Fakten vernetzen mit FactGrid
Ein Projekt zur modellhaften Erfassung historischer Daten in einer offenen Wissensdatenbank.

In den Digital Humanities fehlen bislang integrierte Lösungen für einen geschlossenen Forschungsdatenzyklus. HisQu entwickelt eine fachspezifische Anwendung, um diesen Mangel zu beheben und den gesamten Forschungsprozess für historische Quellen digital zu unterstützen.
Ein lückenloser Prozess
In den digitalen Geisteswissenschaften dominieren bislang digitale Editionen und punktuelle „Insel-Lösungen“ – Tools und Skripte, die nur für ein spezifisches Forschungsproblem entwickelt wurden.
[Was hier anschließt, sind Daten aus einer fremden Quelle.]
(* For $n\ge 0$ let $\mathcal P(n,1,1)$ be the set of lattice paths with steps $(1,1)$ (up) and $(1,-1)$ (down) from $(0,0)$ to $(2n+1,1)$, and let $C_n=\frac{1}{n+1}\binom{2n}{n}$. Define formal power series $f,g,h$ by: - $x\,f(x,y)$ is the sum over all $n\ge0$ and all paths in $\mathcal P(n,1,1)$ starting with an up step of $x^{a}y^{b}$, where $a$ is the number of up steps starting on or below the $x$-axis and $b$ the number of up steps starting above the $x$-axis; - $x\,g(x,y)$ is the sum over all $n\ge0$ and all paths in $\mathcal P(n,1,1)$ starting with a down step of $x^{a}y^{b}$, where $a$ is the number of down steps starting on or below the $x$-axis and $b$ the number of down steps starting above the $x$-axis; - $y\,h(x,y)$ is the sum over all $n\ge0$ and all paths in $\mathcal P(n,1,1)$ of $x^{a}y^{b}$, where, among all vertices except the initial vertex, $a$ is the number lying on or below the $x$-axis and $b$ the number lying above the $x$-axis. Then (1) $f(x,y)=\sum_{n\ge0}C_n\sum_{i=0}^{n}x^iy^{n-i}$; (2) $g(x,y)=\sum_{n\ge0}C_{n+1}\sum_{i=0}^{n}x^iy^{n-i}$; (3) $h(x,y)=\sum_{n\ge0}C_n\sum_{i=0}^{2n}x^iy^{2n-i}$.
   Context: A step starts on or below (resp. above) the $x$-axis if its initial vertex has $y$-coordinate $\le 0$ (resp. $>0$); a vertex lies on or below (resp. above) the $x$-axis if its $y$-coordinate is $\le0$ (resp. $>0$). *)

From mathcomp Require Import all_boot all_order all_algebra.
Set Implicit Arguments. Unset Strict Implicit. Unset Printing Implicit Defensive.
Import Order.TTheory GRing.Theory Num.Theory.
Ein geschlossener digitaler Forschungsdatenzyklus fehlt, wodurch Nachvollziehbarkeit, Reproduzierbarkeit und nachhaltige Archivierung oft nicht gewährleistet sind. HisQu setzt hier an und entwickelt eine fachspezifische Lösung, die historische Quellen und Forschungsprozesse gezielt digital unterstützt und den Forschungsworkflow nahtlos zusammenführt.
Das Repertorium Germanicum (RG) erschließt die in den päpstlichen Registerserien überlieferten Bezüge zum Heiligen Römischen Reich (Personen, Orte, Institutionen, Rechtsakte). Es bildet damit eine der zentralen Grundlagen für prosopographische und regionalhistorische Analysen der spätmittelalterlichen Kurie und ihrer Kommunikations- und Interaktionsräume.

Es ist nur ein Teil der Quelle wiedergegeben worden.